▶ _What is being asked_:
Pull out all lines from the listing below in which the word "Require" appears.
········
(* Let $n\ge 3$ be an odd integer and $(\mathcal{C},\Sigma)$ an $n$-angulated category. Define a relation on objects of $\mathcal{C}$ by $A\sim B$ iff there exist objects $C_1,\dots,C_n$ and two $n$-angles $A\oplus C_1\xrightarrow{\alpha_1}C_2\xrightarrow{\alpha_2}\cdots\xrightarrow{\alpha_{n-1}}C_n\xrightarrow{\alpha_n}\Sigma A\oplus\Sigma C_1$ and $B\oplus C_1\xrightarrow{\beta_1}C_2\xrightarrow{\beta_2}\cdots\xrightarrow{\beta_{n-1}}C_n\xrightarrow{\beta_n}\Sigma B\oplus\Sigma C_1$ in $\mathcal{C}$. Then: (1) $\sim$ is an equivalence relation. (2) The set $\pi$ of equivalence classes $\{A\}$ is an abelian group under $\{A\}+\{B\}=\{A\oplus B\}$, and the inverse of $\{A\}$ is $\{\Sigma A\}$. (3) The assignment $\{A\}\leftrightarrow[A]$ gives an isomorphism of groups $\pi\cong K_0(\mathcal{C})$.
   Context: All categories are small. Fix an integer $n\ge 3$. Let $\mathcal{C}$ be an additive category with an automorphism $\Sigma$. An $n$-$\Sigma$-sequence in $\mathcal{C}$ is a diagram $A_1\xrightarrow{\alpha_1}A_2\xrightarrow{\alpha_2}\cdots\xrightarrow{\alpha_{n-1}}A_n\xrightarrow{\alpha_n}\Sigma A_1$. Its left rotation is $A_2\xrightarrow{\alpha_2}\cdots\xrightarrow{\alpha_n}\Sigma A_1\xrightarrow{(-1)^n\Sigma\alpha_1}\Sigma A_2$. A morphism from $(A_\bullet,\alpha)$ to $(B_\bullet,\beta)$ is a tuple $(\varphi_1,\dots,\varphi_n)$, $\varphi_i:A_i\to B_i$, with $\beta_i\varphi_i=\varphi_{i+1}\alpha_i$ for $1\le i\le n-1$ and $\beta_n\varphi_n=(\Sigma\varphi_1)\alpha_n$; it is an isomorphism if all $\varphi_i$ are isomorphisms. Direct sums of sequences are taken termwise. $(\mathcal{C},\Sigma)$ is $n$-angulated if it is equipped with a collection $\mathscr N$ of $n$-$\Sigma$-sequences, called $n$-angles, such that: (N1)(a) $\mathscr N$ is closed under direct sums, direct summands and isomorphisms of $n$-$\Sigma$-sequences; (b) for every object $A$, the trivial sequence $A\xrightarrow{1}A\to0\to\cdots\to0\to\Sigma A$ is in $\mathscr N$; (c) every morphism $A_1\to A_2$ is the first morphism of some $n$-angle; (N2) an $n$-$\Sigma$-sequence is in $\mathscr N$ iff its left rotation is; (N3) given $n$-angles $(A_\bullet,\alpha),(B_\bullet,\beta)$ and $\varphi_1:A_1\to B_1$, $\varphi_2:A_2\to B_2$ with $\beta_1\varphi_1=\varphi_2\alpha_1$, there exist $\varphi_3,\dots,\varphi_n$ making $(\varphi_1,\dots,\varphi_n)$ a morphism; (N4) in (N3) the $\varphi_i$ can be chosen so that the mapping cone $A_2\oplus B_1\to A_3\oplus B_2\to\cdots\to\Sigma A_1\oplus B_n\to\Sigma A_2\oplus\Sigma B_1$, with maps $\left[\begin{smallmatrix}-\alpha_{i+1}&0\\ \varphi_{i+1}&\beta_i\end{smallmatrix}\right]$ ($1\le i\le n-1$) and last map $\left[\begin{smallmatrix}-\Sigma\alpha_1&0\\ \Sigma\varphi_1&\beta_n\end{smallmatrix}\right]$, is an $n$-angle. Grothendieck group: let $F(\mathcal{C})$ be the free abelian group on the isomorphism classes $\langle A\rangle$ of objects of $\mathcal{C}$. For an $n$-angle $A_\bullet$ put $\chi(A_\bullet)=\sum_{i=1}^n(-1)^{i+1}\langle A_i\rangle$. Let $R(\mathcal{C})$ be the subgroup generated by all $\chi(A_\bullet)$ ($A_\bullet$ an $n$-angle), together with $\langle 0\rangle$ when $n$ is even. Then $K_0(\mathcal{C})=F(\mathcal{C})/R(\mathcal{C})$, and $[A]$ denotes the class of $\langle A\rangle$. *)

From HB Require Import structures.
From mathcomp Require Import all_boot all_algebra.
From mathcomp Require Import boolp.
Set Implicit Arguments. Unset Strict Implicit. Unset Printing Implicit Defensive.
Import GRing.Theory.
········
▶ _Solution to this problem_:
From HB Require Import structures.
From mathcomp Require Import all_boot all_algebra.
From mathcomp Require Import boolp.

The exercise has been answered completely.